WHS Homes, Inc. v. Traditional Living, Inc. & a.

CourtSupreme Court of New Hampshire
DecidedDecember 21, 2017
Docket2016-0583
StatusUnpublished

This text of WHS Homes, Inc. v. Traditional Living, Inc. & a. (WHS Homes, Inc. v. Traditional Living, Inc. & a.) is published on Counsel Stack Legal Research, covering Supreme Court of New Hampshire primary law. Counsel Stack provides free access to over 12 million legal documents including statutes, case law, regulations, and constitutions.

Bluebook
WHS Homes, Inc. v. Traditional Living, Inc. & a., (N.H. 2017).

Opinion

THE STATE OF NEW HAMPSHIRE

SUPREME COURT

In Case No. 2016-0583, WHS Homes, Inc. v. Traditional Living, Inc. & a., the court on December 21, 2017, issued the following order:

Having considered the briefs, the record submitted on appeal, and the oral arguments of the parties, the court concludes that a formal written opinion is unnecessary in this case.
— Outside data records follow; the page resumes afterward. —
Lemma card_forcing_edges : #|forcing_edges| = (p * q).+1.
Proof.
have cell_pos c : is_cell c -> 0 < c.1 /\ 0 < c.2 by rewrite /is_cell; lia.
have uniq_labels : uniq forcing_labels.
  rewrite /forcing_labels /= map_inj_in_uniq ?allpairs_uniq ?iota_uniq //.
  - apply/andP; split=> //; apply/mapP => -[c hc e]; move: hc; rewrite mem_cell_list => hc.
    have [c1 c2] := cell_pos c hc; move: (congr1 cell_of e); rewrite !cell_of_crossed //=.
    by move=> ec; move: hc; rewrite -ec /is_cell /=; lia.
  - by move=> [a b] [c d] _ _.
  - move=> c c'; rewrite !mem_cell_list => hc hc' e.
    have [c1 c2] := cell_pos c hc; have [c1' c2'] := cell_pos c' hc'.
    by move: (congr1 cell_of e); rewrite !cell_of_crossed.
have uniq_edges : uniq (map edge_of forcing_labels).
  by rewrite map_inj_in_uniq // => l l' hl hl'; apply: edge_of_inj; exact: forcing_labels_valid.
rewrite /forcing_edges cardsE (card_uniqP uniq_edges) size_map /= size_map size_allpairs.
by rewrite !size_iota.
Qed.

(* Pairs of height functions whose matchings any complete forcing set must
   separate.  height_without r s and height_with r s agree except in row r,
   where the cell (r, s) is unshaded, resp. shaded; lowest shades every cell
   and highest shades none. *)
Definition height_without (r s t : nat) : nat :=
  if t == 0 then 0 else if t < r then s.-1 else if t <= p then s else q.
Definition height_with (r s t : nat) : nat :=
  if t == 0 then 0 else if t <= r then s.-1 else if t <= p then s else q.
Definition lowest (t : nat) : nat := if t <= p then 0 else q.
Definition highest (t : nat) : nat := if t == 0 then 0 else q.

Lemma height_without_height r s : 0 < r <= p -> 0 < s <= q -> height (height_without r s).
Proof.
move=> hr hs; split=> //; first by rewrite /height_without /=; case: ifP; [lia|rewrite ltnn].
by move=> t ht; rewrite /height_without; do ! case: ifP; lia.
Qed.

Lemma height_with_height r s : 0 < r <= p -> 0 < s <= q -> height (height_with r s).
Proof.
move=> hr hs; split=> //; first by rewrite /height_with /=; case: ifP; [lia|rewrite ltnn].
by move=> t ht; rewrite /height_with; do ! case: ifP; lia.
Qed.

Lemma lowest_height : height lowest.
Proof. by split; rewrite /lowest //= ?ltnn // => t ht; do ! case: ifP; lia. Qed.

Lemma highest_height : height highest.
Proof. by split; rewrite /highest //= => t ht; do ! case: ifP; lia. Qed.

Lemma shaded_with r s c : 0 < r <= p -> 0 < s ->
  shaded (height_with r s) c = shaded (height_without r s) c || (c == (r, s)).
Proof.
move=> hr hs; case: c => a b; rewrite /shaded /height_with /height_without /= xpair_eqE.
by do ! case: ifP; lia.
Qed.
The plaintiff, WHS Homes, Inc. (WHS), appeals orders of the Superior Court (McNamara, J.) that pursuant to the Asset Purchase Agreement (APA) entered into by the parties, WHS is obligated to pay “trade payables” up to $1.7 million, and awarding the defendants, Traditional Living, Inc. (TLI), Tod H. Schweizer (Schweizer) d/b/a Lyme Investment Company and d/b/a Lyme Investment Partnership, Nestor, Inc., and SRS Partners, LLC, attorney’s fees and costs. We affirm.

The pertinent facts follow. TLI, acquired in 1979 by Schweizer, manufactured log homes. In 2010, Schweizer decided to sell the business. William H. Silverstein, who owns and operates WHS, offered to buy the business. Among other proposed terms, Silverstein’s Letter of Intent (LOI) proposed assuming $1.7 million of TLI’s debt to its vendors. Such debts are also referred to in the record as “accounts payable,” “trade payables,” and “vendor payables.”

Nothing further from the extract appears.